Top of INPUT RECORDS

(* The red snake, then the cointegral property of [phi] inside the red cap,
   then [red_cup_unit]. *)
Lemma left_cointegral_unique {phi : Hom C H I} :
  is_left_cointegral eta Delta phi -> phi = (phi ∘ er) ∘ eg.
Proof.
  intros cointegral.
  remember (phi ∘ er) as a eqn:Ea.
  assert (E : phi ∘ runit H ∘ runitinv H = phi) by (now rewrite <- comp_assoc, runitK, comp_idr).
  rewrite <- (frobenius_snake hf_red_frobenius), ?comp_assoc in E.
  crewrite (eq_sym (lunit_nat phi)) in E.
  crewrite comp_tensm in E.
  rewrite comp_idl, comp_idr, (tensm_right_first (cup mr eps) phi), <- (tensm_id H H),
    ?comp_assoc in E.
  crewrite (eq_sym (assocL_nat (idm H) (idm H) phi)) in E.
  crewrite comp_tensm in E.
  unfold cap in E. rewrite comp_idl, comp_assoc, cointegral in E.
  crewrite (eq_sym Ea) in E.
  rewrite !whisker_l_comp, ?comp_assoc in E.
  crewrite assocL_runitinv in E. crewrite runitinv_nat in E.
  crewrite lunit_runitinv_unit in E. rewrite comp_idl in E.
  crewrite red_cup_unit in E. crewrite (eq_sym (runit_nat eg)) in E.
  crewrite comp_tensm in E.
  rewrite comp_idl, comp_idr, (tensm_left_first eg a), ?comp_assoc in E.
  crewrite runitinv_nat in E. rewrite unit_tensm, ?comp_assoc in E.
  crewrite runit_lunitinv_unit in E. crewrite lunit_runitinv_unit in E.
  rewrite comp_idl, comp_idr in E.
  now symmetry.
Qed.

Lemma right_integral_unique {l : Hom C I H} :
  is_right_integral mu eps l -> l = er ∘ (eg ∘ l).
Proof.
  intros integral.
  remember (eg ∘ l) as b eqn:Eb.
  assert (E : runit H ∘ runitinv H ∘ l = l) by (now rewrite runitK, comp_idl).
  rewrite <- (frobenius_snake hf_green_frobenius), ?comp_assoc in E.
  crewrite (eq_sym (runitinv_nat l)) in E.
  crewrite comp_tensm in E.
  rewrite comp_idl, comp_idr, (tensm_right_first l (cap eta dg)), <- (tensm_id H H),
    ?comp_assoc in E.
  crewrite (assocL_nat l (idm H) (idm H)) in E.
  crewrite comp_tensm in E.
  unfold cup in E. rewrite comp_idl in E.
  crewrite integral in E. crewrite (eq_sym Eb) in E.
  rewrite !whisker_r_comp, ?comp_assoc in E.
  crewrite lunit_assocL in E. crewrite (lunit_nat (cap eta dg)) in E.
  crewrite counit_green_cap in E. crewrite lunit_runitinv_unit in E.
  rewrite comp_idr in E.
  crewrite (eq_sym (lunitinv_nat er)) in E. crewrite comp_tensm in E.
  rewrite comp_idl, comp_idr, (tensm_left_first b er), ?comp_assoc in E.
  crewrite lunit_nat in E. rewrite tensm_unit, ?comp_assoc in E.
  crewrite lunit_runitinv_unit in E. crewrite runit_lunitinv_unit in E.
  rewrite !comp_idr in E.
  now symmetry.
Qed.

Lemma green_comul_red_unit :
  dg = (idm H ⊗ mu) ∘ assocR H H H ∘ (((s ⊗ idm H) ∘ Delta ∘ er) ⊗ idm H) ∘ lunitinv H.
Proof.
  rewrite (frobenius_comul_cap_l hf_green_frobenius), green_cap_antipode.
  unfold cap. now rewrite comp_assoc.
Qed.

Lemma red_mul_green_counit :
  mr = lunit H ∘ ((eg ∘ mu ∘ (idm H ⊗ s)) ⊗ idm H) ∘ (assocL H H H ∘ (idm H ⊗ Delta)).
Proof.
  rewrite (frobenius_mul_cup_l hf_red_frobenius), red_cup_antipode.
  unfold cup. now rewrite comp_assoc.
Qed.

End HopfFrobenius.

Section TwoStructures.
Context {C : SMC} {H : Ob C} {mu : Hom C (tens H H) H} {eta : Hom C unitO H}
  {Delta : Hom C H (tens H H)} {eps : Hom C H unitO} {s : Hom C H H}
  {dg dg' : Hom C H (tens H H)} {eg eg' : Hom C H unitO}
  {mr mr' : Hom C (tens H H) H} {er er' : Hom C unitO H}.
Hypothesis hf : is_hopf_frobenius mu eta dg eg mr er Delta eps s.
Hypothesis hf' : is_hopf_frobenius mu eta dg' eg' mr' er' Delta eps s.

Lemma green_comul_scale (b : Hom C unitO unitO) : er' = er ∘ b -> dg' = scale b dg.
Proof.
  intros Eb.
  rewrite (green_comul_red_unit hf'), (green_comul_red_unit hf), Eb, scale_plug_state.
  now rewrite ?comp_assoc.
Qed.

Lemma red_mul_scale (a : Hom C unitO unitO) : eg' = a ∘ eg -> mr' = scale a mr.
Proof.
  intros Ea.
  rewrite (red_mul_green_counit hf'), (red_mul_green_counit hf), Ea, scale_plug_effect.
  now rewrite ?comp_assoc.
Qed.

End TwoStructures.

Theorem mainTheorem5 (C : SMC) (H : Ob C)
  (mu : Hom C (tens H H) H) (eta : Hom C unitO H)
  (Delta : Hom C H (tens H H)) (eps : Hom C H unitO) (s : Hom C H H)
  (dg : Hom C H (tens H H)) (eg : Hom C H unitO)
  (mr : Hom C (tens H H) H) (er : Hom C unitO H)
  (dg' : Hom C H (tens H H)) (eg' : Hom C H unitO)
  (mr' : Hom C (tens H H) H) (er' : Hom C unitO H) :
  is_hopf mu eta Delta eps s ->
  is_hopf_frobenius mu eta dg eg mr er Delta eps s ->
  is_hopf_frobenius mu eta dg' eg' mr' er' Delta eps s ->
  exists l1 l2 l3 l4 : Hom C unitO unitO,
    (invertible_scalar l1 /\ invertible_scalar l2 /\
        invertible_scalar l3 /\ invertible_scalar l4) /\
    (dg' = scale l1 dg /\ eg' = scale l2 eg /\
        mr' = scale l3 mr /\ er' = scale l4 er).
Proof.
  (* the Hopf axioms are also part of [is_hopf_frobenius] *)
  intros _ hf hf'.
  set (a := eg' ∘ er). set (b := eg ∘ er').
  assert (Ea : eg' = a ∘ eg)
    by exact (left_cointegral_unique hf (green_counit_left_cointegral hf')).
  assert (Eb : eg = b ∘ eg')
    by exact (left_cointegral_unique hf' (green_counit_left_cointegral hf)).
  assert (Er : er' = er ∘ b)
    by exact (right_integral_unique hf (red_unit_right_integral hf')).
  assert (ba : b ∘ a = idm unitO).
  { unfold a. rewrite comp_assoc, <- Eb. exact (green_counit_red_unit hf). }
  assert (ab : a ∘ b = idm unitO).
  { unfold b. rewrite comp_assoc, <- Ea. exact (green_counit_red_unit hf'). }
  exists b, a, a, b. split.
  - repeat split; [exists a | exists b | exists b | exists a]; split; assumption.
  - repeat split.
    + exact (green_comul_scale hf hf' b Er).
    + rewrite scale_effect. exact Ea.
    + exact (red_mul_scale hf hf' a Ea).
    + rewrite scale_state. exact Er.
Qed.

Bottom of INPUT RECORDS

**TASK GOAL**
All of the data needs to be printed once more, exactly.

**OUTPUT OF THE TASK**
(* The red snake, then the cointegral property of [phi] inside the red cap,
   then [red_cup_unit]. *)
Lemma left_cointegral_unique {phi : Hom C H I} :
  is_left_cointegral eta Delta phi -> phi = (phi ∘ er) ∘ eg.
Proof.
  intros cointegral.
  remember (phi ∘ er) as a eqn:Ea.
  assert (E : phi ∘ runit H ∘ runitinv H = phi) by (now rewrite <- comp_assoc, runitK, comp_idr).
  rewrite <- (frobenius_snake hf_red_frobenius), ?comp_assoc in E.
  crewrite (eq_sym (lunit_nat phi)) in E.
  crewrite comp_tensm in E.
  rewrite comp_idl, comp_idr, (tensm_right_first (cup mr eps) phi), <- (tensm_id H H),
    ?comp_assoc in E.
  crewrite (eq_sym (assocL_nat (idm H) (idm H) phi)) in E.
  crewrite comp_tensm in E.
  unfold cap in E. rewrite comp_idl, comp_assoc, cointegral in E.
  crewrite (eq_sym Ea) in E.
  rewrite !whisker_l_comp, ?comp_assoc in E.
  crewrite assocL_runitinv in E. crewrite runitinv_nat in E.
  crewrite lunit_runitinv_unit in E. rewrite comp_idl in E.
  crewrite red_cup_unit in E. crewrite (eq_sym (runit_nat eg)) in E.
  crewrite comp_tensm in E.
  rewrite comp_idl, comp_idr, (tensm_left_first eg a), ?comp_assoc in E.
  crewrite runitinv_nat in E. rewrite unit_tensm, ?comp_assoc in E.
  crewrite runit_lunitinv_unit in E. crewrite lunit_runitinv_unit in E.
  rewrite comp_idl, comp_idr in E.
  now symmetry.
Qed.

Lemma right_integral_unique {l : Hom C I H} :
  is_right_integral mu eps l -> l = er ∘ (eg ∘ l).
Proof.
  intros integral.
  remember (eg ∘ l) as b eqn:Eb.
  assert (E : runit H ∘ runitinv H ∘ l = l) by (now rewrite runitK, comp_idl).
  rewrite <- (frobenius_snake hf_green_frobenius), ?comp_assoc in E.
  crewrite (eq_sym (runitinv_nat l)) in E.
  crewrite comp_tensm in E.
  rewrite comp_idl, comp_idr, (tensm_right_first l (cap eta dg)), <- (tensm_id H H),
    ?comp_assoc in E.
  crewrite (assocL_nat l (idm H) (idm H)) in E.
  crewrite comp_tensm in E.
  unfold cup in E. rewrite comp_idl in E.
  crewrite integral in E. crewrite (eq_sym Eb) in E.
  rewrite !whisker_r_comp, ?comp_assoc in E.
  crewrite lunit_assocL in E. crewrite (lunit_nat (cap eta dg)) in E.
  crewrite counit_green_cap in E. crewrite lunit_runitinv_unit in E.
  rewrite comp_idr in E.
  crewrite (eq_sym (lunitinv_nat er)) in E. crewrite comp_tensm in E.
  rewrite comp_idl, comp_idr, (tensm_left_first b er), ?comp_assoc in E.
  crewrite lunit_nat in E. rewrite tensm_unit, ?comp_assoc in E.
  crewrite lunit_runitinv_unit in E. crewrite runit_lunitinv_unit in E.
  rewrite !comp_idr in E.
  now symmetry.
Qed.

Lemma green_comul_red_unit :
  dg = (idm H ⊗ mu) ∘ assocR H H H ∘ (((s ⊗ idm H) ∘ Delta ∘ er) ⊗ idm H) ∘ lunitinv H.
Proof.
  rewrite (frobenius_comul_cap_l hf_green_frobenius), green_cap_antipode.
  unfold cap. now rewrite comp_assoc.
Qed.

Lemma red_mul_green_counit :
  mr = lunit H ∘ ((eg ∘ mu ∘ (idm H ⊗ s)) ⊗ idm H) ∘ (assocL H H H ∘ (idm H ⊗ Delta)).
Proof.
  rewrite (frobenius_mul_cup_l hf_red_frobenius), red_cup_antipode.
  unfold cup. now rewrite comp_assoc.
Qed.

End HopfFrobenius.

Section TwoStructures.
Context {C : SMC} {H : Ob C} {mu : Hom C (tens H H) H} {eta : Hom C unitO H}
  {Delta : Hom C H (tens H H)} {eps : Hom C H unitO} {s : Hom C H H}
  {dg dg' : Hom C H (tens H H)} {eg eg' : Hom C H unitO}
  {mr mr' : Hom C (tens H H) H} {er er' : Hom C unitO H}.
Hypothesis hf : is_hopf_frobenius mu eta dg eg mr er Delta eps s.
Hypothesis hf' : is_hopf_frobenius mu eta dg' eg' mr' er' Delta eps s.

Lemma green_comul_scale (b : Hom C unitO unitO) : er' = er ∘ b -> dg' = scale b dg.
Proof.
  intros Eb.
  rewrite (green_comul_red_unit hf'), (green_comul_red_unit hf), Eb, scale_plug_state.
  now rewrite ?comp_assoc.
Qed.

Lemma red_mul_scale (a : Hom C unitO unitO) : eg' = a ∘ eg -> mr' = scale a mr.
Proof.
  intros Ea.
  rewrite (red_mul_green_counit hf'), (red_mul_green_counit hf), Ea, scale_plug_effect.
  now rewrite ?comp_assoc.
Qed.

End TwoStructures.

Theorem mainTheorem5 (C : SMC) (H : Ob C)
  (mu : Hom C (tens H H) H) (eta : Hom C unitO H)
  (Delta : Hom C H (tens H H)) (eps : Hom C H unitO) (s : Hom C H H)
  (dg : Hom C H (tens H H)) (eg : Hom C H unitO)
  (mr : Hom C (tens H H) H) (er : Hom C unitO H)
  (dg' : Hom C H (tens H H)) (eg' : Hom C H unitO)
  (mr' : Hom C (tens H H) H) (er' : Hom C unitO H) :
  is_hopf mu eta Delta eps s ->
  is_hopf_frobenius mu eta dg eg mr er Delta eps s ->
  is_hopf_frobenius mu eta dg' eg' mr' er' Delta eps s ->
  exists l1 l2 l3 l4 : Hom C unitO unitO,
    (invertible_scalar l1 /\ invertible_scalar l2 /\
        invertible_scalar l3 /\ invertible_scalar l4) /\
    (dg' = scale l1 dg /\ eg' = scale l2 eg /\
        mr' = scale l3 mr /\ er' = scale l4 er).
Proof.
  (* the Hopf axioms are also part of [is_hopf_frobenius] *)
  intros _ hf hf'.
  set (a := eg' ∘ er). set (b := eg ∘ er').
  assert (Ea : eg' = a ∘ eg)
    by exact (left_cointegral_unique hf (green_counit_left_cointegral hf')).
  assert (Eb : eg = b ∘ eg')
    by exact (left_cointegral_unique hf' (green_counit_left_cointegral hf)).
  assert (Er : er' = er ∘ b)
    by exact (right_integral_unique hf (red_unit_right_integral hf')).
  assert (ba : b ∘ a = idm unitO).
  { unfold a. rewrite comp_assoc, <- Eb. exact (green_counit_red_unit hf). }
  assert (ab : a ∘ b = idm unitO).
  { unfold b. rewrite comp_assoc, <- Ea. exact (green_counit_red_unit hf'). }
  exists b, a, a, b. split.
  - repeat split; [exists a | exists b | exists b | exists a]; split; assumption.
  - repeat split.
    + exact (green_comul_scale hf hf' b Er).
    + rewrite scale_effect. exact Ea.
    + exact (red_mul_scale hf hf' a Ea).
    + rewrite scale_state. exact Er.
Qed.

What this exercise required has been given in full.